For our game Idle Miner Tycoon, we have shipped an update almost every week since its launch in 2016. Last weekend we shipped (well, technically flew) our hard-working team to the Spanish island of Tenerife, where we stocked up on resources that we believe are necessary for us to continue to deliver the best possible gaming experience to our players: friendship, receptiveness, a deep understanding of our company’s values, and of course, relaxation and fun.
To reward ourselves for the past months of exceptionally hard work, we decided to make the trip as comfortable as possible: A five-star hotel with great food, a pool, and a beach within walking distance turned out to be just the right compensation.

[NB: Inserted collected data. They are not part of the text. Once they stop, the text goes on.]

(* The weight [exp (2 L |t|)] makes each integration gain a factor [1/2]. *)
Lemma picard_increment y k t i :
  Rabs (picard y (Datatypes.S k) t i - picard y k t i)
    <= M / (2 * L) * (/2)^k * exp (2 * L * Rabs t).
Proof.
  set (c := M / (2 * L)).
  assert (Hc : 0 <= c) by (unfold c; apply Rmult_le_pos; [lra | left; apply Rinv_0_lt_compat; lra]).
  revert t i. induction k as [|k IH]; intros t i.
  - simpl. rewrite Rplus_minus_l.
    eapply Rle_trans.
    { apply abs_RInt_le_const_abs with (B := M); [apply ex_RInt_of_continuous|].
      - intros; apply continuous_const.
      - intros; apply F_bounded. }
    replace (t - 0) with t by ring.
    assert (Hexp := exp_ineq1_le (2 * L * Rabs t)). assert (Ht := Rabs_pos t).
    replace (c * 1 * exp (2 * L * Rabs t)) with (M * (exp (2 * L * Rabs t) / (2 * L)))
      by (unfold c; field; lra).
    apply Rmult_le_compat_l; auto.
    apply Rmult_le_reg_r with (2 * L); [lra|].
    unfold Rdiv. rewrite Rmult_assoc, Rinv_l by lra. nra.
  - change (picard y (Datatypes.S (Datatypes.S k)) t i) with
      (y i + RInt (fun s => F (picard y (Datatypes.S k) s) i) 0 t).
    change (picard y (Datatypes.S k) t i) with (y i + RInt (fun s => F (picard y k s) i) 0 t).
    rewrite Rminus_plus_l_l, RInt_minus_continuous by (intros; apply continuous_field_picard).
    eapply Rle_trans.
    { apply abs_RInt_le_exp with (B := L * (c * (/2)^k)) (K := 2 * L).
      - lra.
      - apply ex_RInt_of_continuous. intros s.
        apply (@continuous_minus R_UniformSpace R_AbsRing R_NormedModule);
          apply continuous_field_picard.
      - intros s _. rewrite Rmult_assoc. apply F_lipschitz. intros j. apply IH. }
    assert (0 <= c * (/2)^(Datatypes.S k)) by (apply Rmult_le_pos; auto; apply pow_le; lra).
    replace (L * (c * (/ 2) ^ k) * (exp (2 * L * Rabs t) - 1) / (2 * L))
      with (c * (/2)^(Datatypes.S k) * exp (2 * L * Rabs t) - c * (/2)^(Datatypes.S k))
      by (simpl; field; lra).
    lra.
Qed.

Definition picard_limit (y : I -> R) (t : R) (i : I) : R :=
  real (Lim_seq (fun k => picard y k t i)).

Lemma picard_limit_spec y t i :
  is_lim_seq (fun k => picard y k t i) (picard_limit y t i) /\
  forall k, Rabs (picard_limit y t i - picard y k t i)
              <= 2 * (M / (2 * L) * exp (2 * L * Rabs t)) * (/2)^k.
Proof.
  destruct (is_lim_seq_geometric_increments (fun k => picard y k t i)
              (M / (2 * L) * exp (2 * L * Rabs t))) as [l [Hl Hb]].
  - apply Rmult_le_pos; [apply Rmult_le_pos; [lra | left; apply Rinv_0_lt_compat; lra]|].
    left; apply exp_pos.
  - intros k. eapply Rle_trans; [apply picard_increment | right; ring].
  - unfold picard_limit. rewrite (is_lim_seq_unique _ _ Hl). auto.
Qed.

Lemma picard_limit_lipschitz y i t t' :
  Rabs (picard_limit y t i - picard_limit y t' i) <= M * Rabs (t - t').
Proof.
  assert (Hlim := is_lim_seq_minus' _ _ _ _
                    (proj1 (picard_limit_spec y t i)) (proj1 (picard_limit_spec y t' i))).
  assert (Hb : forall k, Rabs (picard y k t i - picard y k t' i) <= M * Rabs (t - t'))
    by (intros; apply picard_lipschitz).
  apply Rabs_le_between. split.
  - assert (H : Rbar_le (- (M * Rabs (t - t'))) (picard_limit y t i - picard_limit y t' i));
      [|exact H].
    apply (is_lim_seq_le (fun _ => - (M * Rabs (t - t')))
                         (fun k => picard y k t i - picard y k t' i));
      [| apply is_lim_seq_const | exact Hlim].
    intros k. specialize (Hb k). apply Rabs_le_between in Hb. lra.
  - assert (H : Rbar_le (picard_limit y t i - picard_limit y t' i) (M * Rabs (t - t')));
      [|exact H].
    apply (is_lim_seq_le (fun k => picard y k t i - picard y k t' i)
                         (fun _ => M * Rabs (t - t')));
      [| exact Hlim | apply is_lim_seq_const].
    intros k. specialize (Hb k). apply Rabs_le_between in Hb. lra.
Qed.

Lemma continuous_field_picard_limit y i s : continuous (fun s => F (picard_limit y s) i) s.
Proof. apply continuous_field_along with M; auto. intros; apply picard_limit_lipschitz. Qed.

Lemma picard_limit_close y t k s j : Rabs s <= Rabs t ->
  Rabs (picard y k s j - picard_limit y s j) <= 2 * (M / (2 * L) * exp (2 * L * Rabs t)) * (/2)^k.
Proof.
  intros Hst. rewrite Rabs_minus_sym.
  eapply Rle_trans; [apply (proj2 (picard_limit_spec y s j))|].
  apply Rmult_le_compat_r; [apply pow_le; lra|].
  apply Rmult_le_compat_l; [lra|].
  apply Rmult_le_compat_l; [apply Rmult_le_pos; [lra | left; apply Rinv_0_lt_compat; lra]|].
  apply exp_le_mono, Rmult_le_compat_l; lra.
Qed.

(* Passing to the limit in [picard y (S k) = y + int_0^t F (picard y k)]: the integrands
   converge uniformly on [0, t] by [picard_limit_close]. *)
Lemma picard_limit_integral_eq y t i :
  picard_limit y t i = y i + RInt (fun s => F (picard_limit y s) i) 0 t.
Proof.
  set (c := 2 * (M / (2 * L) * exp (2 * L * Rabs t))).
  set (v := y i + RInt (fun s => F (picard_limit y s) i) 0 t).
  assert (Hv : is_lim_seq (fun k => picard y (Datatypes.S k) t i) v).
  { apply (is_lim_seq_of_geometric_close _ _ (L * c * Rabs t)). intros k. unfold v; simpl.
    rewrite Rminus_plus_l_l, RInt_minus_continuous
      by (intros; apply continuous_field_picard || apply continuous_field_picard_limit).
    eapply Rle_trans.
    { apply abs_RInt_le_const_abs with (B := L * (c * (/2)^k)).
      - apply ex_RInt_of_continuous. intros s.
        apply (@continuous_minus R_UniformSpace R_AbsRing R_NormedModule);
          [apply continuous_field_picard | apply continuous_field_picard_limit].
      - intros s Hs. apply F_lipschitz. intros j. apply picard_limit_close.
        apply Rabs_le_of_between_0; auto. }
    right. rewrite Rminus_0_r. ring. }
  assert (Hs := proj1 (picard_limit_spec y t i)). apply is_lim_seq_incr_1 in Hs.
  apply is_lim_seq_unique in Hs. apply is_lim_seq_unique in Hv.
  rewrite Hs in Hv. now injection Hv.
Qed.

Lemma picard_limit_derive y t i :
  is_derive (fun t => picard_limit y t i) t (F (picard_limit y t) i).
Proof.
  apply is_derive_ext with (f := fun t => y i + RInt (fun s => F (picard_limit y s) i) 0 t).
  { intros u. symmetry. apply picard_limit_integral_eq. }
  replace (F (picard_limit y t) i) with (plus zero (F (picard_limit y t) i))
    by apply plus_zero_l.
  apply (is_derive_plus (fun _ => y i)); [apply (@is_derive_const R_AbsRing R_NormedModule)|].
  apply (is_derive_RInt (fun s => F (picard_limit y s) i)
           (fun b => RInt (fun s => F (picard_limit y s) i) 0 b) 0 t).
  - apply filter_forall. intros b. apply (RInt_correct (V := R_CompleteNormedModule)).
    apply ex_RInt_of_continuous, continuous_field_picard_limit.
  - apply continuous_field_picard_limit.
Qed.

Theorem picard_global_solution (y : I -> R) :
  exists u : R -> I -> R, (forall i, u 0 i = y i) /\
    forall t i, is_derive (fun t => u t i) t (F (u t) i).
Proof.
  exists (picard_limit y). split.
  - intros i. rewrite picard_limit_integral_eq, RInt_point. unfold zero; simpl. ring.
  - apply picard_limit_derive.
Qed.

End Picard.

They offer an aqua-zumba class? We joined out of curiosity and because pool noodles are awesome, and left with seriously sore muscles.
Drinks at the hotel bar enhanced creativity and communication during night times. You think you know your colleagues? Not until you have fiercely argued for your life in a game of Werewolf, trying not to blow your cover.
Whoever thought team building exercises are the boring mandatory part of a company trip, where adults play games designed for children, was proven wrong. Resting a stick on everyone’s fingers, and lowering it to the ground sounds easy — but it is in trying to avoid losing contact with the stick that makes it a challenge! Have you ever tried guiding a group of people through the process of folding an intricate piece of origami, using nothing but words? Whether successfully completed or not, the challenges allowed us to interact and connect with team members across departments, and formed new friendships along the way.
The “50 percent chance of seeing dolphins” that our catamaran ride was advertised with turned out to be more than just a marketing strategy, and we actually got to see these majestic animals from up close — a first time for most of us subterranean types!
Co-CEOs Daniel and Janosch took the chance to dig deep down to the core of Kolibri Games. Sure, we believe in people, players, results, learning, and creating value, but what do these core values really mean? Where do they come from? And how do we live by them? Their presentation sparked lively discussions — the amazing buffet was no longer the most important thing during the lunch that followed.
All of us enjoyed pausing for a little while and taking a deep breath. No matter how much we love satisfying our players, only by occasionally digging up something for ourselves, will we be able to keep delivering amazing results and pursue our goal to become the most player-centric games company in the world.